- _DIRECTIONS FOR THIS TASK_:
From the line below that contains "retC (b && b')" to the line that contains "Cost (seq (seq", repeat every line exactly, both ends included, and nothing else.
BEGIN ENTRIES PROVIDED
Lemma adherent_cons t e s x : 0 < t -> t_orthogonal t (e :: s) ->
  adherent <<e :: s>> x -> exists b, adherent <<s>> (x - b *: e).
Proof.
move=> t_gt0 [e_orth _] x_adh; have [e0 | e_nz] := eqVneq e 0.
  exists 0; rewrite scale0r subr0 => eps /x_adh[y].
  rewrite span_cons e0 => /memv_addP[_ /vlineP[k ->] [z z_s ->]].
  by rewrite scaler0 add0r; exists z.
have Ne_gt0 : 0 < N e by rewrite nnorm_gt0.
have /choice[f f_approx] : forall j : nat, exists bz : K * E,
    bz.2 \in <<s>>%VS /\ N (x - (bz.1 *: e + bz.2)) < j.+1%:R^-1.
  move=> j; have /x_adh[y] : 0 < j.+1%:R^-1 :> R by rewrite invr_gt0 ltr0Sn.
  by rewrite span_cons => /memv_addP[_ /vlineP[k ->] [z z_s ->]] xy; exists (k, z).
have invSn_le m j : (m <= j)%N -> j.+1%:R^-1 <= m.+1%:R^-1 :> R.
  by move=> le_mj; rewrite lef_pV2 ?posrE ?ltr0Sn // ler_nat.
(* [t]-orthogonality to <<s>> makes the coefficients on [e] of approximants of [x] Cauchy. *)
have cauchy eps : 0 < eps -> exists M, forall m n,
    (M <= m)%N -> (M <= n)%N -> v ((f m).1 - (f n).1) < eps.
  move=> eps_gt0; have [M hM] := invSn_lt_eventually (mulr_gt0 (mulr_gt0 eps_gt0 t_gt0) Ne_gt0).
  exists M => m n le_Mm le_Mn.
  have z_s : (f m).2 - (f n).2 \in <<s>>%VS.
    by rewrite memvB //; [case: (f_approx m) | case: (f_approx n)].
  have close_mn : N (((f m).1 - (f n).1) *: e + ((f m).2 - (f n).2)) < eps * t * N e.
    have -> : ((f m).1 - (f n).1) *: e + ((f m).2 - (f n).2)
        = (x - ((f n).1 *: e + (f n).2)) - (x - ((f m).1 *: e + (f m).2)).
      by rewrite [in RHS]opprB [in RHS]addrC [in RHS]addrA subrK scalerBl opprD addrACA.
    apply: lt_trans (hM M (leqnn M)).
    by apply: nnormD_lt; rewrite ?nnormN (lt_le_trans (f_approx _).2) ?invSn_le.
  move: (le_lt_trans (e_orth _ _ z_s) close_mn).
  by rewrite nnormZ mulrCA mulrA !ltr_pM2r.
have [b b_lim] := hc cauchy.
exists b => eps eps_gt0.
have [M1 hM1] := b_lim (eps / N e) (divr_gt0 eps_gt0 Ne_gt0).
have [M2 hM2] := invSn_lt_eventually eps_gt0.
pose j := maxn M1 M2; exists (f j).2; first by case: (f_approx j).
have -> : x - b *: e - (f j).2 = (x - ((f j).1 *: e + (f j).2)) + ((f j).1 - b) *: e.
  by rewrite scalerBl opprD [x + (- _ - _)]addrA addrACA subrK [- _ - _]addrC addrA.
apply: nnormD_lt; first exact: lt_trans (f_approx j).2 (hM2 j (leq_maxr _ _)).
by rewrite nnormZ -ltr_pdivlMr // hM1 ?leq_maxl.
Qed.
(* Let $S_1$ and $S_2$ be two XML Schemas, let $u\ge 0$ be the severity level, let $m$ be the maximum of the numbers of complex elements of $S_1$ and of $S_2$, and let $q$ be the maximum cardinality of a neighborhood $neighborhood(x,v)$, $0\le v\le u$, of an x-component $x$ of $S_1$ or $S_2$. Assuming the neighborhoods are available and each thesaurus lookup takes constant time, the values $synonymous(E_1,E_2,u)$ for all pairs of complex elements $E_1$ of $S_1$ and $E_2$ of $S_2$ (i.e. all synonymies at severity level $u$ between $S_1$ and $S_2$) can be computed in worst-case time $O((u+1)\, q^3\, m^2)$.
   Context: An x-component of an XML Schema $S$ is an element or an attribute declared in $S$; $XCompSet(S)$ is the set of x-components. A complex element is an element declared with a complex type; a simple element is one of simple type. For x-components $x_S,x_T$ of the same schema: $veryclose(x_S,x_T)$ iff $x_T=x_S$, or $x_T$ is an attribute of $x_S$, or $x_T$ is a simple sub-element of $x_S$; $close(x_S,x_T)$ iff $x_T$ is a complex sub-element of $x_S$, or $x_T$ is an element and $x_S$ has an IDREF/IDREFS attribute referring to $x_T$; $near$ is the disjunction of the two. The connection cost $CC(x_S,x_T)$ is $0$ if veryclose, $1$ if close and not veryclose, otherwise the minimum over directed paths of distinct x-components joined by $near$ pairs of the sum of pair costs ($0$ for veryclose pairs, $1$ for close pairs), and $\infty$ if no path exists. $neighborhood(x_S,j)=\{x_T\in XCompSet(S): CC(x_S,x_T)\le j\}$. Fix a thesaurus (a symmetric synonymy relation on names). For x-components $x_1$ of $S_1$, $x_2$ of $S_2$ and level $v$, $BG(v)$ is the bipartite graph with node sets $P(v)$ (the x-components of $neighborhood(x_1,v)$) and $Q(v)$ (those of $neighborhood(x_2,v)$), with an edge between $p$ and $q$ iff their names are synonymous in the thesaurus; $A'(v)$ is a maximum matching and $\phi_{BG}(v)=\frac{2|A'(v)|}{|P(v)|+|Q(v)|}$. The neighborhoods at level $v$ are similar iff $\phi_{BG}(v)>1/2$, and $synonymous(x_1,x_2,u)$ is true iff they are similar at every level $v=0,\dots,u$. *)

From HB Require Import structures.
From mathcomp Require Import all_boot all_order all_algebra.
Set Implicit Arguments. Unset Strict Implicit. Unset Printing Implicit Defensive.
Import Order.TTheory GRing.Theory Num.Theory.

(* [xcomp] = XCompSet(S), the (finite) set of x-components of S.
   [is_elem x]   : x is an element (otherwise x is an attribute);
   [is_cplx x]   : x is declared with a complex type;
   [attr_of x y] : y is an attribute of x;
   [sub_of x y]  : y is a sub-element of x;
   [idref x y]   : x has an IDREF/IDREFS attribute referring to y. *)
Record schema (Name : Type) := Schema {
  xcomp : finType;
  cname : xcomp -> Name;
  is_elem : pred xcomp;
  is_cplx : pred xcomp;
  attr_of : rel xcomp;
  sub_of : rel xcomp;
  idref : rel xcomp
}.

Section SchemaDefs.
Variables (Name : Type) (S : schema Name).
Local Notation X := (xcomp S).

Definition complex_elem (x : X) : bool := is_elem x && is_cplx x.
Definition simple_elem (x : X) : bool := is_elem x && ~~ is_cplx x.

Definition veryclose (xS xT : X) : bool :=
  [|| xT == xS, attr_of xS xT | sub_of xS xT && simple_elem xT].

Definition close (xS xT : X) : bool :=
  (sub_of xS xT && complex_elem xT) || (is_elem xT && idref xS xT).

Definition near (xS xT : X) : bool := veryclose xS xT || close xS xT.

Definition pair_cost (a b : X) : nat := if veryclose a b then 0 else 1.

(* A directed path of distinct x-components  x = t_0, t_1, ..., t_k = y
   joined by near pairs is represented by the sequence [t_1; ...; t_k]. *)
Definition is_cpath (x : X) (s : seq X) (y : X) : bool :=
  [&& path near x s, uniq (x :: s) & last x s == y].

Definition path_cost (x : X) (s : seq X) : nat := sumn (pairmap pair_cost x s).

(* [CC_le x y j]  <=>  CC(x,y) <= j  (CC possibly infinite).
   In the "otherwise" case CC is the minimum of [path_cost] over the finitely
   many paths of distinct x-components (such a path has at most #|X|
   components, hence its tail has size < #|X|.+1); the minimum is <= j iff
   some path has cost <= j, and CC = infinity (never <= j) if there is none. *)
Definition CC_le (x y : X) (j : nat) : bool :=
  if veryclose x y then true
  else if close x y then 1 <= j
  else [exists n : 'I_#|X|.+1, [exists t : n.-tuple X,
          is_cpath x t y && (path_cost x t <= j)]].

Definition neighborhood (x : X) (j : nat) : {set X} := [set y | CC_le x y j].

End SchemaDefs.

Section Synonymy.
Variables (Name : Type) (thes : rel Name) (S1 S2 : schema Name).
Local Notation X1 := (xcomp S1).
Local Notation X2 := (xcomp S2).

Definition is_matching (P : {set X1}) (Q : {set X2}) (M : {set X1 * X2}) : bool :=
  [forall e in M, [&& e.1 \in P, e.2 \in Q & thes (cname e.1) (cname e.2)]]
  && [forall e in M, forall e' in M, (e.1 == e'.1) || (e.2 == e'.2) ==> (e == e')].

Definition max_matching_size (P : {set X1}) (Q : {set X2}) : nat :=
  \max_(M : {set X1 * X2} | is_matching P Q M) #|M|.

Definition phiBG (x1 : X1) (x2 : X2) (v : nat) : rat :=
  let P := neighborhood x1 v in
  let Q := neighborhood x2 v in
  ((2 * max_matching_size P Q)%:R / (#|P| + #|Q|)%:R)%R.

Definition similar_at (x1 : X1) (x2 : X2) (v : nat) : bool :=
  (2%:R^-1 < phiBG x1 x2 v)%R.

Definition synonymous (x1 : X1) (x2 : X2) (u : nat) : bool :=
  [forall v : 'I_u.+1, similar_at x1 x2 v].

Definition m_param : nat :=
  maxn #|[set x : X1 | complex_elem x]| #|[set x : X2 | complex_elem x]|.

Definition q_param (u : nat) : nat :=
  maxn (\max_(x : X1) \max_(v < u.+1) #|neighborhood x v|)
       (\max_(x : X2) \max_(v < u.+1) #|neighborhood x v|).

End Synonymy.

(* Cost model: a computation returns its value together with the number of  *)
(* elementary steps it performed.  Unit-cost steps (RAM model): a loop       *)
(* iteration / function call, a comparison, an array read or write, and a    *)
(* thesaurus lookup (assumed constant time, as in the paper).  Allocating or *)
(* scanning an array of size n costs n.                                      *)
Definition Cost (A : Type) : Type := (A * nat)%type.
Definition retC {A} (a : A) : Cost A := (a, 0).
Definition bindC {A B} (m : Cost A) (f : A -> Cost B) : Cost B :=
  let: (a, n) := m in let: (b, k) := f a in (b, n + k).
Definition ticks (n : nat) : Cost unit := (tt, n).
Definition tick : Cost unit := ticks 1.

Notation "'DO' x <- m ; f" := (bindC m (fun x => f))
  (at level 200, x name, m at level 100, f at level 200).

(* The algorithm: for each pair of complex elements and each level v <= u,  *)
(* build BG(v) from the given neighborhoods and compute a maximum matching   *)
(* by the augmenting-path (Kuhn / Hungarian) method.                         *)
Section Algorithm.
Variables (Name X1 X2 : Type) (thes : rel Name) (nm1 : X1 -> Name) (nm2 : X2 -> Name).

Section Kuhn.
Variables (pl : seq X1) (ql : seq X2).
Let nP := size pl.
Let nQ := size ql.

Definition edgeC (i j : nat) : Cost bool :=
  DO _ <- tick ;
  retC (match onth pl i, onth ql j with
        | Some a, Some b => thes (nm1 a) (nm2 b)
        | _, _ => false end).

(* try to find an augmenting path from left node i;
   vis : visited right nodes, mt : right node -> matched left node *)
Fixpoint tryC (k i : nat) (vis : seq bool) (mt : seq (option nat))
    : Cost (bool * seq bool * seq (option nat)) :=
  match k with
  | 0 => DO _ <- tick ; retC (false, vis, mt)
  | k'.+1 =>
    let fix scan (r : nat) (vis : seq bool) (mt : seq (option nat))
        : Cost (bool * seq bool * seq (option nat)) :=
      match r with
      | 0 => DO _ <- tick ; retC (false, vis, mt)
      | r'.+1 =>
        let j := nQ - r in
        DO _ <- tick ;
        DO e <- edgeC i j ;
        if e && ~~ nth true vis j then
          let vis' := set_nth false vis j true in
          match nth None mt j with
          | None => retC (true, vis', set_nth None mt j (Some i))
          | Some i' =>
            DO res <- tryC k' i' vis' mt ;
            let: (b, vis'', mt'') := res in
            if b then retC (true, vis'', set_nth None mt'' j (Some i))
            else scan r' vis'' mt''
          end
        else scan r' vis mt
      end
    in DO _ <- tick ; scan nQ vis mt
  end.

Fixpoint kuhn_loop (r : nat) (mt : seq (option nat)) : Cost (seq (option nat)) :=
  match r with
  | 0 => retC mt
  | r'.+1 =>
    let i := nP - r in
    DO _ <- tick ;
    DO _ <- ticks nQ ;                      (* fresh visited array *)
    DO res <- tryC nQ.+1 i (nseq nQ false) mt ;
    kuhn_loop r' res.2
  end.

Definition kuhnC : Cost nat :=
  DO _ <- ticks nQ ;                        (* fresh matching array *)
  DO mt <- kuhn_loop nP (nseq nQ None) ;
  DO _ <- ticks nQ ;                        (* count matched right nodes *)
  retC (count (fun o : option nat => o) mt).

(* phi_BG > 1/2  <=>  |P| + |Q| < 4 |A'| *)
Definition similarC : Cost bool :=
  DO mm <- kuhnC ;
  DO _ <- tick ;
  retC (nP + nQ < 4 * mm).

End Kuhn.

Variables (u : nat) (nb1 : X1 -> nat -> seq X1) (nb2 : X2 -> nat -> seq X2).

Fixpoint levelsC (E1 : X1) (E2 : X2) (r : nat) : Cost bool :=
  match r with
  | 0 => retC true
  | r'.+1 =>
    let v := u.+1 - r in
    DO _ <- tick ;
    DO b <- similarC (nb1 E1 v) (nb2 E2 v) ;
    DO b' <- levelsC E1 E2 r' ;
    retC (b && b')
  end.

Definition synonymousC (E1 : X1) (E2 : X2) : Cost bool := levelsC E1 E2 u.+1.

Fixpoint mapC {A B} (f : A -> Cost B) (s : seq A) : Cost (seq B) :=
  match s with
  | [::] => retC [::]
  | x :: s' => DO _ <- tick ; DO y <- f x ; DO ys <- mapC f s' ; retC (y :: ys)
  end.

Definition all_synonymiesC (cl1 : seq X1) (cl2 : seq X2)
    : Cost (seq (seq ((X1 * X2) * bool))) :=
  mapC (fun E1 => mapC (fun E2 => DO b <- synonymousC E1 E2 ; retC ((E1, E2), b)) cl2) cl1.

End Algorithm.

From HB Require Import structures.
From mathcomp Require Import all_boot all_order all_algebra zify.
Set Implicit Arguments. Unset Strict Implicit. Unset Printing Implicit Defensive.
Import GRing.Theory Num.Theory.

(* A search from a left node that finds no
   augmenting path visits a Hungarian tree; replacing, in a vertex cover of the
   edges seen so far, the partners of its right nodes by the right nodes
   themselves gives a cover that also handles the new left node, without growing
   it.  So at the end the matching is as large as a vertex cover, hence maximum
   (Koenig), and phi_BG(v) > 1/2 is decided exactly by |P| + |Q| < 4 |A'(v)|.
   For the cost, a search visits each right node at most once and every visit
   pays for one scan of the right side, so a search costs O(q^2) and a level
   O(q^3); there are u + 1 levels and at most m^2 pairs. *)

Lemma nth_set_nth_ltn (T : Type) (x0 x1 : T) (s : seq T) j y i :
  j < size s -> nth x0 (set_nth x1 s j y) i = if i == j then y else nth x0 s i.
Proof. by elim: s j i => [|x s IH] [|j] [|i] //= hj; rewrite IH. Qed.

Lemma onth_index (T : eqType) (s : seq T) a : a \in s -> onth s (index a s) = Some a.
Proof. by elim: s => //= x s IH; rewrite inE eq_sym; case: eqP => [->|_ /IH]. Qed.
END ENTRIES PROVIDED
- _ANSWER_:
    retC (b && b')
  end.

Definition synonymousC (E1 : X1) (E2 : X2) : Cost bool := levelsC E1 E2 u.+1.

Fixpoint mapC {A B} (f : A -> Cost B) (s : seq A) : Cost (seq B) :=
  match s with
  | [::] => retC [::]
  | x :: s' => DO _ <- tick ; DO y <- f x ; DO ys <- mapC f s' ; retC (y :: ys)
  end.

Definition all_synonymiesC (cl1 : seq X1) (cl2 : seq X2)
    : Cost (seq (seq ((X1 * X2) * bool))) :=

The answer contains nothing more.